What you are asked to do:
In the entries below, find the line with "its length is k = size p *)" and print exactly every line from there up to and including the line with "length <= m of", with no other lines.

Provided data:
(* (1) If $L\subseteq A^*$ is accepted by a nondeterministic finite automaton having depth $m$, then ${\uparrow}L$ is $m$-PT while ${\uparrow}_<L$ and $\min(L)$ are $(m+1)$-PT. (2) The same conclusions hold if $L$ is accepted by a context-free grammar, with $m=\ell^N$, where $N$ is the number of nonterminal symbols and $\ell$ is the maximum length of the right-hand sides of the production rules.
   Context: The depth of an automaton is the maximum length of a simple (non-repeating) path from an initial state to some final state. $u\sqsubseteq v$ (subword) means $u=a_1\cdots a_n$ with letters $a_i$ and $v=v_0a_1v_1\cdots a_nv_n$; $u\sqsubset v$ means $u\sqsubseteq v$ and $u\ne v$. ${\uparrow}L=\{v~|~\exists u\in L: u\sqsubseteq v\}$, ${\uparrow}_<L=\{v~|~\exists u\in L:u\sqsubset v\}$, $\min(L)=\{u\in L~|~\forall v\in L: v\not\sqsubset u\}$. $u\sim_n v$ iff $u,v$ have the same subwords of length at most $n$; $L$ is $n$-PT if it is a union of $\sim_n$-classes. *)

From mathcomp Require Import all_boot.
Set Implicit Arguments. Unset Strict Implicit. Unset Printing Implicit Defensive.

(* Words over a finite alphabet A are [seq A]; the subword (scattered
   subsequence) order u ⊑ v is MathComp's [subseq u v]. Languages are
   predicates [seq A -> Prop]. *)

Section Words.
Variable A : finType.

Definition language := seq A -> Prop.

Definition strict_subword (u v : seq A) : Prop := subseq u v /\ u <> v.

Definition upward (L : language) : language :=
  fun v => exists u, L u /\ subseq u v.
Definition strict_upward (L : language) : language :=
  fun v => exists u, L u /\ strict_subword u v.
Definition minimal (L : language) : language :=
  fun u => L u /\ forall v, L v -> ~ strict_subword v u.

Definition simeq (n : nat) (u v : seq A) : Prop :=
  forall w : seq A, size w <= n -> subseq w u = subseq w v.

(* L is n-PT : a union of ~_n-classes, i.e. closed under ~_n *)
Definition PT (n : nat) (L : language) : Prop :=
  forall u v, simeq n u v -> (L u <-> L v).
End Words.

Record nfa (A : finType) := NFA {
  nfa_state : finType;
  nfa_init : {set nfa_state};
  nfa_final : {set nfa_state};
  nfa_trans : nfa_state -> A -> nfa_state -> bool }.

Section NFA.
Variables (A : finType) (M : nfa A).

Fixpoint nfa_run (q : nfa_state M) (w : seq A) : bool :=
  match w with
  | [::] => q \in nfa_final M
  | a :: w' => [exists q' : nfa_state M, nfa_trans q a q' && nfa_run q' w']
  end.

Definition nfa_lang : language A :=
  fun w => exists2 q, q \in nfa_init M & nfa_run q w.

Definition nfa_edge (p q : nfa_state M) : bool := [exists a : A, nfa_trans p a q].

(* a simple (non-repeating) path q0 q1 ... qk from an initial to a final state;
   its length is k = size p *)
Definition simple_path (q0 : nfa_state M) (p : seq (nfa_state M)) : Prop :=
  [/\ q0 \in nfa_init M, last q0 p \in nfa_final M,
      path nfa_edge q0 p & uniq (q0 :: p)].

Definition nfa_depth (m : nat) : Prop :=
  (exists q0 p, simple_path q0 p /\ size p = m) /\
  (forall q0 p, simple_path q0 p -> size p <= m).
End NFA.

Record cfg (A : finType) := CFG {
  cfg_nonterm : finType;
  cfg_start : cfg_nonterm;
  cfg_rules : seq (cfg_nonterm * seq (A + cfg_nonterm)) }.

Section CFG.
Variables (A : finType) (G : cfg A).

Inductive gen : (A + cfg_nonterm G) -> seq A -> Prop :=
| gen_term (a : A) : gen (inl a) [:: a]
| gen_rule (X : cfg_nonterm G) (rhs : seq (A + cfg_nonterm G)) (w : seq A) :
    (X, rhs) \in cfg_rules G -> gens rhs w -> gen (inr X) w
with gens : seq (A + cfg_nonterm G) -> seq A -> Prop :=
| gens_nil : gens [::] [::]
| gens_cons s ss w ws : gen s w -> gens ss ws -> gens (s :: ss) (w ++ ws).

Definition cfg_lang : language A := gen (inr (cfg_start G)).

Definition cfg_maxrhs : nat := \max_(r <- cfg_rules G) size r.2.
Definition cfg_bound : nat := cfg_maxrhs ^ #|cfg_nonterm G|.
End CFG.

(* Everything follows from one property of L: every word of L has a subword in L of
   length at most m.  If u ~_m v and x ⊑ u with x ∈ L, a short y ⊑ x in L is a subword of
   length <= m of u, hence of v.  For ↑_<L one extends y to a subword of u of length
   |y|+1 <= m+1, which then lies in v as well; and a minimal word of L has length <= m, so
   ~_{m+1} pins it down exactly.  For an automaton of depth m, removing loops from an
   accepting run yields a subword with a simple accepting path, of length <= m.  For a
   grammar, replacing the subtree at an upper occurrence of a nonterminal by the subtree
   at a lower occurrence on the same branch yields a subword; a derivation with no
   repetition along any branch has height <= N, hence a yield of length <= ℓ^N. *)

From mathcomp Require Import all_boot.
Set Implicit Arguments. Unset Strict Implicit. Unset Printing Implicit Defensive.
* * *
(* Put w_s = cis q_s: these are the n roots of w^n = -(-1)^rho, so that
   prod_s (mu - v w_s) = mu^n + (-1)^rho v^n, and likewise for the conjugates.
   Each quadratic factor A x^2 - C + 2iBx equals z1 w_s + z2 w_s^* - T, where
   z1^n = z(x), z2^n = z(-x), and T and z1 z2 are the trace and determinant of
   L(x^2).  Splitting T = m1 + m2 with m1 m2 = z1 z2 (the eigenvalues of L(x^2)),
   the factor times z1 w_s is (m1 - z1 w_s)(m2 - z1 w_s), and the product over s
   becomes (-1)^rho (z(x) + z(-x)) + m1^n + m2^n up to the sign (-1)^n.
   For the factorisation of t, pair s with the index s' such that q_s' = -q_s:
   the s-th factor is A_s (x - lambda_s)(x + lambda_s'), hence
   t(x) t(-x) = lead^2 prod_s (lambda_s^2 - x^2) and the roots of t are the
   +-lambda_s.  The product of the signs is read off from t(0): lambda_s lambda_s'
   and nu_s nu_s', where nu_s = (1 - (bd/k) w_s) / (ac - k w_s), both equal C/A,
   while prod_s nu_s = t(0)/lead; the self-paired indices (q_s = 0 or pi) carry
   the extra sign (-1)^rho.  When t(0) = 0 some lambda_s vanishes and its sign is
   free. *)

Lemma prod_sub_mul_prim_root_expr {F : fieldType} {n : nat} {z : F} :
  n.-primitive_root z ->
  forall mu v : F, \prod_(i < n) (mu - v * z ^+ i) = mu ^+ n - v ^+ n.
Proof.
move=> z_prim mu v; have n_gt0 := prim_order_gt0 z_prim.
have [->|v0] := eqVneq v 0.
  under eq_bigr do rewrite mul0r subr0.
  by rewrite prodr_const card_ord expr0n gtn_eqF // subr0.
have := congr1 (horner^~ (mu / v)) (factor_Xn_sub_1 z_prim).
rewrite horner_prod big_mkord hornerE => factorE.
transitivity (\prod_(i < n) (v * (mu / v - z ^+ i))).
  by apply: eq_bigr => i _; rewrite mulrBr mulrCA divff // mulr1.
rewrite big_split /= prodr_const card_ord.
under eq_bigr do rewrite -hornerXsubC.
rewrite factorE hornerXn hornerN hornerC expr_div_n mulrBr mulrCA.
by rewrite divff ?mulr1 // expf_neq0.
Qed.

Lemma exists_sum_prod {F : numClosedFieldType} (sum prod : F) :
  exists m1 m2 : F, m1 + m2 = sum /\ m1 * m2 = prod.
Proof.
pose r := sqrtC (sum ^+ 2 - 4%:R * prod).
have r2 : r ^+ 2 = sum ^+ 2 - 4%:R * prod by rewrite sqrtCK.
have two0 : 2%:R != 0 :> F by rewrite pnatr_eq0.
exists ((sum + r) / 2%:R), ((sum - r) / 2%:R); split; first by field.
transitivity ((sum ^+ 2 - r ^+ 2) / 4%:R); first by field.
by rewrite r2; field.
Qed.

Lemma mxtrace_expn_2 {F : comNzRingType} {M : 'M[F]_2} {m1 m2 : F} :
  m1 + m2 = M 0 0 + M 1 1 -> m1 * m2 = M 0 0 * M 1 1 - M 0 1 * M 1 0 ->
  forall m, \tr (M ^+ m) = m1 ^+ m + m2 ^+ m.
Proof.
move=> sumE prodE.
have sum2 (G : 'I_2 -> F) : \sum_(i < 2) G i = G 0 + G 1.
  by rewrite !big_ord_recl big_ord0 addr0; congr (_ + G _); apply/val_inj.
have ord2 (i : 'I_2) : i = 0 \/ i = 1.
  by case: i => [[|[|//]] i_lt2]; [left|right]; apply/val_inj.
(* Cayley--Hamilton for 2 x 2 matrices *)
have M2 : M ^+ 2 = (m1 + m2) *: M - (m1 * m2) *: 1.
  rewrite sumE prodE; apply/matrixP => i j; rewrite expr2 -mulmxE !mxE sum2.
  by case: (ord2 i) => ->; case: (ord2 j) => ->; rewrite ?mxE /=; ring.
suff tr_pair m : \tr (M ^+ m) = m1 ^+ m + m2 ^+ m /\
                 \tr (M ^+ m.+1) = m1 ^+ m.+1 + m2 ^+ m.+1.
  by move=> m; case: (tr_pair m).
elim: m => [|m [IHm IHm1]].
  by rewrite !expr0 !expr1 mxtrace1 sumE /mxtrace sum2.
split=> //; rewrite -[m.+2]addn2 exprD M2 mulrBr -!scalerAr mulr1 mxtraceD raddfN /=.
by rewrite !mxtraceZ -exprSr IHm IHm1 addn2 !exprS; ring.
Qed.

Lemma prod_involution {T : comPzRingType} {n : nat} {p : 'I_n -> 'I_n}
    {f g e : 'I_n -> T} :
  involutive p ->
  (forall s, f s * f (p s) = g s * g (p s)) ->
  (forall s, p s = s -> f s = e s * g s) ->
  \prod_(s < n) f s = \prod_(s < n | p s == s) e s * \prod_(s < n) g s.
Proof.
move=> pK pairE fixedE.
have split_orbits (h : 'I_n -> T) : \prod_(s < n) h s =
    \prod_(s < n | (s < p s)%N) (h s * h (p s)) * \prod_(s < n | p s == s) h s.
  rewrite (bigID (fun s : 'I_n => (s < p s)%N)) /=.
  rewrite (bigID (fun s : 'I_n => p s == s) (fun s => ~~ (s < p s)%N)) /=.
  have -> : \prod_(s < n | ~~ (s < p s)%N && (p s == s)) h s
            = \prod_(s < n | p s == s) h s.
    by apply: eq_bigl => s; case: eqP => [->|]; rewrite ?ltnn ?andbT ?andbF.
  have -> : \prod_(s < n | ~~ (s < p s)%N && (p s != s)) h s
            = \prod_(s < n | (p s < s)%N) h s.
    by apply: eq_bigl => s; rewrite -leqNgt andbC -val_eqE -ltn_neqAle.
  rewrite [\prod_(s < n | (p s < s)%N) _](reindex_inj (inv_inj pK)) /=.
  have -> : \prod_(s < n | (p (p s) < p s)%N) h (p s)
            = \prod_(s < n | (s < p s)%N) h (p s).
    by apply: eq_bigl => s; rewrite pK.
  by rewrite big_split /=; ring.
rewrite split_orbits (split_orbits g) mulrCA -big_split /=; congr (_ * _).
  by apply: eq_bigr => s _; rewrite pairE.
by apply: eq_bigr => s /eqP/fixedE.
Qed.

Written response:
   its length is k = size p *)
Definition simple_path (q0 : nfa_state M) (p : seq (nfa_state M)) : Prop :=
  [/\ q0 \in nfa_init M, last q0 p \in nfa_final M,
      path nfa_edge q0 p & uniq (q0 :: p)].

Definition nfa_depth (m : nat) : Prop :=
  (exists q0 p, simple_path q0 p /\ size p = m) /\
  (forall q0 p, simple_path q0 p -> size p <= m).
End NFA.

Record cfg (A : finType) := CFG {
  cfg_nonterm : finType;
  cfg_start : cfg_nonterm;
  cfg_rules : seq (cfg_nonterm * seq (A + cfg_nonterm)) }.

Section CFG.
Variables (A : finType) (G : cfg A).

Inductive gen : (A + cfg_nonterm G) -> seq A -> Prop :=
| gen_term (a : A) : gen (inl a) [:: a]
| gen_rule (X : cfg_nonterm G) (rhs : seq (A + cfg_nonterm G)) (w : seq A) :
    (X, rhs) \in cfg_rules G -> gens rhs w -> gen (inr X) w
with gens : seq (A + cfg_nonterm G) -> seq A -> Prop :=
| gens_nil : gens [::] [::]
| gens_cons s ss w ws : gen s w -> gens ss ws -> gens (s :: ss) (w ++ ws).

Definition cfg_lang : language A := gen (inr (cfg_start G)).

Definition cfg_maxrhs : nat := \max_(r <- cfg_rules G) size r.2.
Definition cfg_bound : nat := cfg_maxrhs ^ #|cfg_nonterm G|.
End CFG.

(* Everything follows from one property of L: every word of L has a subword in L of
   length at most m.  If u ~_m v and x ⊑ u with x ∈ L, a short y ⊑ x in L is a subword of
   length <= m of u, hence of v.  For ↑_<L one extends y to a subword of u of length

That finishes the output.